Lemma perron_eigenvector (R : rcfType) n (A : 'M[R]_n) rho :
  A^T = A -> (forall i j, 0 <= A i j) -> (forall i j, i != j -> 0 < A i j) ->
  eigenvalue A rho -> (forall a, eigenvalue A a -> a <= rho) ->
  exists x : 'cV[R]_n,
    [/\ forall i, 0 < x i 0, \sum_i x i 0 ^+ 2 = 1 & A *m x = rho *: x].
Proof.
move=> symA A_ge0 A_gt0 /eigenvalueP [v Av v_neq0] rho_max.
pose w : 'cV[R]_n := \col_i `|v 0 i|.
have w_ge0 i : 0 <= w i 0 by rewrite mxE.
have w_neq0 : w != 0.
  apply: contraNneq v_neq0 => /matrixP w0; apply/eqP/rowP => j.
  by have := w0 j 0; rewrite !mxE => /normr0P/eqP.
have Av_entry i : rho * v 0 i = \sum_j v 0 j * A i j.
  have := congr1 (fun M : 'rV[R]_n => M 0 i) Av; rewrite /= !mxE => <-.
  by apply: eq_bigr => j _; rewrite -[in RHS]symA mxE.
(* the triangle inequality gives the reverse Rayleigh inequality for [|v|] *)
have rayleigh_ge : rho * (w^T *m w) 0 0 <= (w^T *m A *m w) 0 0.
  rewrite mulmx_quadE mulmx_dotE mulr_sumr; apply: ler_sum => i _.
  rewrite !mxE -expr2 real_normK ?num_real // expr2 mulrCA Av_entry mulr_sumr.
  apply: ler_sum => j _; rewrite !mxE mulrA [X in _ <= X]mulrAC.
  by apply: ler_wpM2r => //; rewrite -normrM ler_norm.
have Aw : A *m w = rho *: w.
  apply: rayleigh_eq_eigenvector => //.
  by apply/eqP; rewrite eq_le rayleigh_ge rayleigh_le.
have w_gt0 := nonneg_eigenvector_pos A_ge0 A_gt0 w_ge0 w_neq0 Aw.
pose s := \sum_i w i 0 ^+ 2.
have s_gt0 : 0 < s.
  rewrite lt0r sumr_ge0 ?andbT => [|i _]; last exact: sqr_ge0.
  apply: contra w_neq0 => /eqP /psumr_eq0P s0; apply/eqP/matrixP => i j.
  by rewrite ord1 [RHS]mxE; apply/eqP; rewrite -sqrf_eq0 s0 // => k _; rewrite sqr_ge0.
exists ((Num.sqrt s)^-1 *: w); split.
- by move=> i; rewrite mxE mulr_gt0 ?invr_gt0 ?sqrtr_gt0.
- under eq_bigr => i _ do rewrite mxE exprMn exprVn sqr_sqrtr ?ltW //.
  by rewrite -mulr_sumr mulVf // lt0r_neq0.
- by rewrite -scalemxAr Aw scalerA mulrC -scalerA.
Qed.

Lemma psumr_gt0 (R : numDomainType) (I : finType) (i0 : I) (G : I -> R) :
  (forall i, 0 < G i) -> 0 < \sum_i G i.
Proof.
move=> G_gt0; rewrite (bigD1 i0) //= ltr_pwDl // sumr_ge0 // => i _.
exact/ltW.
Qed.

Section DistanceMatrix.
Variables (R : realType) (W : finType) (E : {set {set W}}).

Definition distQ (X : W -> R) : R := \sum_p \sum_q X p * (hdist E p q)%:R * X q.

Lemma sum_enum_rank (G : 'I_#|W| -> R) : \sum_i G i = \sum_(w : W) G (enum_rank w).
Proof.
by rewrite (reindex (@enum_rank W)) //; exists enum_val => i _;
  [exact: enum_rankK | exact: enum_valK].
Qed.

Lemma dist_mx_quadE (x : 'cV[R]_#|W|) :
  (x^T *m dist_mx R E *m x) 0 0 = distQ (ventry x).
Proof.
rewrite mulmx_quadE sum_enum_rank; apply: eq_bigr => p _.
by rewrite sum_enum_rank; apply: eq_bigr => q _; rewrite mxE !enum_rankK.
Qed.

####

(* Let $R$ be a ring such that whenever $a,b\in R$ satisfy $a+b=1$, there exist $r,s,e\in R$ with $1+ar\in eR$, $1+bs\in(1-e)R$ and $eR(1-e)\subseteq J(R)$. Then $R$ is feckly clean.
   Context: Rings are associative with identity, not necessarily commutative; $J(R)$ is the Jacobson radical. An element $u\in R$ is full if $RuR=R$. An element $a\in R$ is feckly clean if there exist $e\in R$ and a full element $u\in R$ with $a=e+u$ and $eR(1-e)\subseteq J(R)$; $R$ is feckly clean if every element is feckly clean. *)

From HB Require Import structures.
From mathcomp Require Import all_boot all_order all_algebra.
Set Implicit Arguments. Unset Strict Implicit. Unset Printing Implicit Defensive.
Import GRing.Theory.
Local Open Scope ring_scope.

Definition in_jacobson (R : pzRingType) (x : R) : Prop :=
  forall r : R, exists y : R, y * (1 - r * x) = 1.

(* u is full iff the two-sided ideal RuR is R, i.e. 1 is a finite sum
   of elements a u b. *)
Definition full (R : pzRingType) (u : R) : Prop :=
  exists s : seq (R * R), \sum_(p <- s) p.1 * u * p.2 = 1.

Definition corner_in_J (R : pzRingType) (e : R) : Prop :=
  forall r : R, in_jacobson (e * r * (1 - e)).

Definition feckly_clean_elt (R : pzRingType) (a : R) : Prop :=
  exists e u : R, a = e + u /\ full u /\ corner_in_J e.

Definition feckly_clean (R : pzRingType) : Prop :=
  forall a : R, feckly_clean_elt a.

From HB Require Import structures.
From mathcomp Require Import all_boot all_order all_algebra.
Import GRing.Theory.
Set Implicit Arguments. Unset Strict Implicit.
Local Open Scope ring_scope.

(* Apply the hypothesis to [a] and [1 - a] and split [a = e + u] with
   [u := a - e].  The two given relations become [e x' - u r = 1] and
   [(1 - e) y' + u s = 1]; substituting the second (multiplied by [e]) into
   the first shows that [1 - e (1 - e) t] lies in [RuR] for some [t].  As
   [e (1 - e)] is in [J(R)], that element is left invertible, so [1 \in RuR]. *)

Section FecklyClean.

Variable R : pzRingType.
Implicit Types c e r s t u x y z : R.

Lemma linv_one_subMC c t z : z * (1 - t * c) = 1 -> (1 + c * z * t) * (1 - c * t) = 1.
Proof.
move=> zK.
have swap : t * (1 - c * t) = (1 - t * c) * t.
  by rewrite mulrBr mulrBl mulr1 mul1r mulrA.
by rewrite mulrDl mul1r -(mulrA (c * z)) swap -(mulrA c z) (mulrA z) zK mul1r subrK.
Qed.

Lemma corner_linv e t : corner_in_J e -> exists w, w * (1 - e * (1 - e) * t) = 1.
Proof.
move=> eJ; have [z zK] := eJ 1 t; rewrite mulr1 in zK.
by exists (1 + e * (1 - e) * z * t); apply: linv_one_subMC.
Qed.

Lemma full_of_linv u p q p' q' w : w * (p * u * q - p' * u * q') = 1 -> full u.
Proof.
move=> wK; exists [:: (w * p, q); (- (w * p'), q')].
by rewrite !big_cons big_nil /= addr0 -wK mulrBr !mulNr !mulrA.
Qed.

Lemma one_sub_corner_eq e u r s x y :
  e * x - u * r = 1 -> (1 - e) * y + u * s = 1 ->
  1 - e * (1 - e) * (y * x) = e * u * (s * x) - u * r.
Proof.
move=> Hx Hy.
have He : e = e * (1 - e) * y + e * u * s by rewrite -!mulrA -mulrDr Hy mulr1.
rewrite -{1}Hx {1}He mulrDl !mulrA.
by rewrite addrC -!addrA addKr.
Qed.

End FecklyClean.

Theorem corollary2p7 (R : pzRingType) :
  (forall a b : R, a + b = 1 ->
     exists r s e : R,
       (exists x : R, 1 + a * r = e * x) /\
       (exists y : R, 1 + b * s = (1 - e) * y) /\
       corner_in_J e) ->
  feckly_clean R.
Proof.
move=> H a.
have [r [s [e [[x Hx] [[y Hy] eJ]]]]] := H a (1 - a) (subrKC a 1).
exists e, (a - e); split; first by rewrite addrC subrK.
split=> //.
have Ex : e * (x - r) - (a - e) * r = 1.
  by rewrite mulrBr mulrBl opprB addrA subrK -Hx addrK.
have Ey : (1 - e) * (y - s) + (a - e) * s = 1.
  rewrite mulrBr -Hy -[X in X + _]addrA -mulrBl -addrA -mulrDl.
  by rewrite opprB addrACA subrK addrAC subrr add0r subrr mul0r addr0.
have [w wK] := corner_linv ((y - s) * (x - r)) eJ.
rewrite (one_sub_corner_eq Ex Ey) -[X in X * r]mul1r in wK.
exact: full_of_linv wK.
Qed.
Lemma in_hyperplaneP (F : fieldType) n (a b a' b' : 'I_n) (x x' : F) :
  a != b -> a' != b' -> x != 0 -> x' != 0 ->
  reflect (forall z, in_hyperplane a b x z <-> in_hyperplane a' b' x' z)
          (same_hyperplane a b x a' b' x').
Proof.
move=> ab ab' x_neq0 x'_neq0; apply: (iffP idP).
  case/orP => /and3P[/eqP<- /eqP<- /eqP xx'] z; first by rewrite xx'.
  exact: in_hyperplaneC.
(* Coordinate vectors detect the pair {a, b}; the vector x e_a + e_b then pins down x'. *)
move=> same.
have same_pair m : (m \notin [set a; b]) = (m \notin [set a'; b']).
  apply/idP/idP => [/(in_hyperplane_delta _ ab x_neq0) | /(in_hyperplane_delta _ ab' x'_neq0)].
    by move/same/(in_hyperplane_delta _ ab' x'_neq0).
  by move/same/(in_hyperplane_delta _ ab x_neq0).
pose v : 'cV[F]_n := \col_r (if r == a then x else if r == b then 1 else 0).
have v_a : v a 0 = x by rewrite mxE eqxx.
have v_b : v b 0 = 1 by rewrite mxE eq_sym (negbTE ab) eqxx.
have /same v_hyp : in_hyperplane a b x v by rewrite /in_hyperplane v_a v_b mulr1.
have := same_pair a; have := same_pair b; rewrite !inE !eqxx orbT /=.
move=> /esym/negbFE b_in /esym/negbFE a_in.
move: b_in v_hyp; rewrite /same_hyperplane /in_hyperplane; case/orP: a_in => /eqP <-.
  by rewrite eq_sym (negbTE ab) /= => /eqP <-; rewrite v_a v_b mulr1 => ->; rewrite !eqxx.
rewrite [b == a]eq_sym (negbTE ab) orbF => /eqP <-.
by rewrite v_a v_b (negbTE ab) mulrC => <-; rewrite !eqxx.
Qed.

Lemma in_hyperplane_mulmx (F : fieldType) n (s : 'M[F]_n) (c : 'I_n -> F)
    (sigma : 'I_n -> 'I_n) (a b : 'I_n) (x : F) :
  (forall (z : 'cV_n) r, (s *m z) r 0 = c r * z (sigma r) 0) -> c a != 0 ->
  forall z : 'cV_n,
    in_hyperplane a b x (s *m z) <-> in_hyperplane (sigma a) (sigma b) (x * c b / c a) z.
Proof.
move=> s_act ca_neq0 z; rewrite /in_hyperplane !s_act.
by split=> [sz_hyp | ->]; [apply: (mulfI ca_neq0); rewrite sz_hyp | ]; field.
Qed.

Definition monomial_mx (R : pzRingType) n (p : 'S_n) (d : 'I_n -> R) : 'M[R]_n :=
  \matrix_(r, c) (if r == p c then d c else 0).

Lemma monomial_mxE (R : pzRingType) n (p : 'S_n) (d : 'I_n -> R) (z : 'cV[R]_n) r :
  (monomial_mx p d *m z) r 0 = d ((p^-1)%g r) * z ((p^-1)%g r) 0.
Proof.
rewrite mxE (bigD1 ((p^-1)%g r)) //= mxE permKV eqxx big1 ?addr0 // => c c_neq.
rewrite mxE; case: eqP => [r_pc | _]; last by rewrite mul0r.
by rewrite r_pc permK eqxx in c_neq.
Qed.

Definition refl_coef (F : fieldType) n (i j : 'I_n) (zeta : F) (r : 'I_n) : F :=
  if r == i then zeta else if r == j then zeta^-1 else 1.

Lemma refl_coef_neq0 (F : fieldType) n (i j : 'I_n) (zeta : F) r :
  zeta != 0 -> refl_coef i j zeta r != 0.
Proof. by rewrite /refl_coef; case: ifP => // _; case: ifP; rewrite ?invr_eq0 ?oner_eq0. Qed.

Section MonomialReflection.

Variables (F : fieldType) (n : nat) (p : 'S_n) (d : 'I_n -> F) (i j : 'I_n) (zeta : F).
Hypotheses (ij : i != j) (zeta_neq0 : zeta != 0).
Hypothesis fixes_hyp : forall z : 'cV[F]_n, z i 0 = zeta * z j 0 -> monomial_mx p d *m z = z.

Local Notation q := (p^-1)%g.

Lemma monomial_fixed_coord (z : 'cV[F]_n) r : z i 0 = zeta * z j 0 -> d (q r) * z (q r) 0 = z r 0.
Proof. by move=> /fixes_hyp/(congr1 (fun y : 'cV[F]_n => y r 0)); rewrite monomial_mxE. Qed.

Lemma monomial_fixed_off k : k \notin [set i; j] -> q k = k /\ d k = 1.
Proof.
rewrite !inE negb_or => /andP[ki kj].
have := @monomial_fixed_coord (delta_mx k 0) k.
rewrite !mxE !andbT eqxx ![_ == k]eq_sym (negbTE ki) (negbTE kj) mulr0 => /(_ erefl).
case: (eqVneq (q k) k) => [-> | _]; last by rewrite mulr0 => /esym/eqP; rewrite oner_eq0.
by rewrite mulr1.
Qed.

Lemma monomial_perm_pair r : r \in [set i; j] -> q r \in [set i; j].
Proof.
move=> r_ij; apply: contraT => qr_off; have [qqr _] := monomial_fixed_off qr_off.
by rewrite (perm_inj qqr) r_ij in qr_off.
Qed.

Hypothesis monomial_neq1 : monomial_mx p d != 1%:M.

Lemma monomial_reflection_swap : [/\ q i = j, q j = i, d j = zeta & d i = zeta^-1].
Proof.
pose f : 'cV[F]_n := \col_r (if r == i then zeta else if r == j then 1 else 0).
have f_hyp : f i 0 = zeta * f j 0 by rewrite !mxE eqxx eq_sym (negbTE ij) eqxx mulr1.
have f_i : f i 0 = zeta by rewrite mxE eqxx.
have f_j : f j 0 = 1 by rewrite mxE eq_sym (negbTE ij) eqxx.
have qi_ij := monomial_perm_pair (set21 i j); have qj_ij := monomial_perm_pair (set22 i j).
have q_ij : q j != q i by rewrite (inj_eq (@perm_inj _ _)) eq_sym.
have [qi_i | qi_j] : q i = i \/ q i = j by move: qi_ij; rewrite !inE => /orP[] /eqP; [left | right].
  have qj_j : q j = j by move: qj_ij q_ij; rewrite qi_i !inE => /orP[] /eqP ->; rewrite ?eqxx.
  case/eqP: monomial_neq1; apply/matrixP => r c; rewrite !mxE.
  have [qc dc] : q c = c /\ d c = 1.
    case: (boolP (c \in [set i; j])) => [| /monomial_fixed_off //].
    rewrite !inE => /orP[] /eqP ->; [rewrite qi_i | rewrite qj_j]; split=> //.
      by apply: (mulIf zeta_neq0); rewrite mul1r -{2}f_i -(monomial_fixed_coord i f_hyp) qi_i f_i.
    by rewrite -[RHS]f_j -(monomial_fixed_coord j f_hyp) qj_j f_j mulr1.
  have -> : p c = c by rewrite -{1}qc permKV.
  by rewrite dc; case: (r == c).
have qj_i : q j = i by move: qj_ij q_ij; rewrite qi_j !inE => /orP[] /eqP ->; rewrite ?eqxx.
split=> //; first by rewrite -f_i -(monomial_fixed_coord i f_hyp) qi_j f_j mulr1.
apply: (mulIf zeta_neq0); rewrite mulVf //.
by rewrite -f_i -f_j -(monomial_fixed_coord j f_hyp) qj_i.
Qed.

####

Look above for the line with "forall r : R, exists" and the line with "by rewrite mulrBr mulrBl mulr1 mul1r mulrA."; transcribe both and all lines in between, exactly, and nothing else.

# Expected answer:
  forall r : R, exists y : R, y * (1 - r * x) = 1.

(* u is full iff the two-sided ideal RuR is R, i.e. 1 is a finite sum
   of elements a u b. *)
Definition full (R : pzRingType) (u : R) : Prop :=
  exists s : seq (R * R), \sum_(p <- s) p.1 * u * p.2 = 1.

Definition corner_in_J (R : pzRingType) (e : R) : Prop :=
  forall r : R, in_jacobson (e * r * (1 - e)).

Definition feckly_clean_elt (R : pzRingType) (a : R) : Prop :=
  exists e u : R, a = e + u /\ full u /\ corner_in_J e.

Definition feckly_clean (R : pzRingType) : Prop :=
  forall a : R, feckly_clean_elt a.

From HB Require Import structures.
From mathcomp Require Import all_boot all_order all_algebra.
Import GRing.Theory.
Set Implicit Arguments. Unset Strict Implicit.
Local Open Scope ring_scope.

(* Apply the hypothesis to [a] and [1 - a] and split [a = e + u] with
   [u := a - e].  The two given relations become [e x' - u r = 1] and
   [(1 - e) y' + u s = 1]; substituting the second (multiplied by [e]) into
   the first shows that [1 - e (1 - e) t] lies in [RuR] for some [t].  As
   [e (1 - e)] is in [J(R)], that element is left invertible, so [1 \in RuR]. *)

Section FecklyClean.

Variable R : pzRingType.
Implicit Types c e r s t u x y z : R.

Lemma linv_one_subMC c t z : z * (1 - t * c) = 1 -> (1 + c * z * t) * (1 - c * t) = 1.
Proof.
move=> zK.
have swap : t * (1 - c * t) = (1 - t * c) * t.
  by rewrite mulrBr mulrBl mulr1 mul1r mulrA.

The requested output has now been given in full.